Collected data:
Segment Open

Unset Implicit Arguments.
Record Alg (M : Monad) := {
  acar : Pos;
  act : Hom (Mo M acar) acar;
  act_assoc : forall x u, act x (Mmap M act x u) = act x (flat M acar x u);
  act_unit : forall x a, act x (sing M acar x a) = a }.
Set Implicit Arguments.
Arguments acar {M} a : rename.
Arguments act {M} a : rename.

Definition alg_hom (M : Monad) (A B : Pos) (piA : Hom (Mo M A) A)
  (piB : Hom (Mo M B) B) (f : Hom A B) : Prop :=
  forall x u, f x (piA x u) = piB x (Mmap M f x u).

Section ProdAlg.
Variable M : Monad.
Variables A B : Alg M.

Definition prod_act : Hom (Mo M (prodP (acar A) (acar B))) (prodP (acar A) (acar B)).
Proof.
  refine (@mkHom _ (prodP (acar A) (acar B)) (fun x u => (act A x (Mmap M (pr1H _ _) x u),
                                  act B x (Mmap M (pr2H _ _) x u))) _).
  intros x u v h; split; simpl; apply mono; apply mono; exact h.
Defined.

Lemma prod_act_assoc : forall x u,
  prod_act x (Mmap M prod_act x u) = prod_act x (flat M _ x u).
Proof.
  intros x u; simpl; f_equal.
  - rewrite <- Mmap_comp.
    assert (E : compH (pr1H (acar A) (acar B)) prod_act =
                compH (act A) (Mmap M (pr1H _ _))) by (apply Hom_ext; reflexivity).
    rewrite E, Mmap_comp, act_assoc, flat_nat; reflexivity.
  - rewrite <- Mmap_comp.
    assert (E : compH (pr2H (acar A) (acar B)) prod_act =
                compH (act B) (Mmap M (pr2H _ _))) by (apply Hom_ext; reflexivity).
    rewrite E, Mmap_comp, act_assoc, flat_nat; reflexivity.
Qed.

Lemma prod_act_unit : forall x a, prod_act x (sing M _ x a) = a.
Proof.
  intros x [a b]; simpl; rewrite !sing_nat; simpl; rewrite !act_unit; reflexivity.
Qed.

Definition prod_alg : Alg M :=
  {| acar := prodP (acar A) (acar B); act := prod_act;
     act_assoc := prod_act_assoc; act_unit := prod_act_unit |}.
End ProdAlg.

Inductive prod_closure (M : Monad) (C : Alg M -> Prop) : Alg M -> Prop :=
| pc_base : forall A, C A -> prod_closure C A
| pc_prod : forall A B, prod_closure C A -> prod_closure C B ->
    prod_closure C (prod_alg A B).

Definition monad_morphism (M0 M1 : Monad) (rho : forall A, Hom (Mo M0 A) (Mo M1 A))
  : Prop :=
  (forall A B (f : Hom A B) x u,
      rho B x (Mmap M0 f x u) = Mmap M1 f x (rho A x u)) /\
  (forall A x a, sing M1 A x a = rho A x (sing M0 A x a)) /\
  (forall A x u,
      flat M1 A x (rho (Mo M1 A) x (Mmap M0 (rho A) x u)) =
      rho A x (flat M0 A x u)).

Segment Closed

◆ INSTRUCTIONS TO FOLLOW
Reproduce each line of the entries in which the word "reflexivity" is found.

◆ OUTPUT FOR THIS EXERCISE
                compH (act A) (Mmap M (pr1H _ _))) by (apply Hom_ext; reflexivity).
    rewrite E, Mmap_comp, act_assoc, flat_nat; reflexivity.
                compH (act B) (Mmap M (pr2H _ _))) by (apply Hom_ext; reflexivity).
    rewrite E, Mmap_comp, act_assoc, flat_nat; reflexivity.
  intros x [a b]; simpl; rewrite !sing_nat; simpl; rewrite !act_unit; reflexivity.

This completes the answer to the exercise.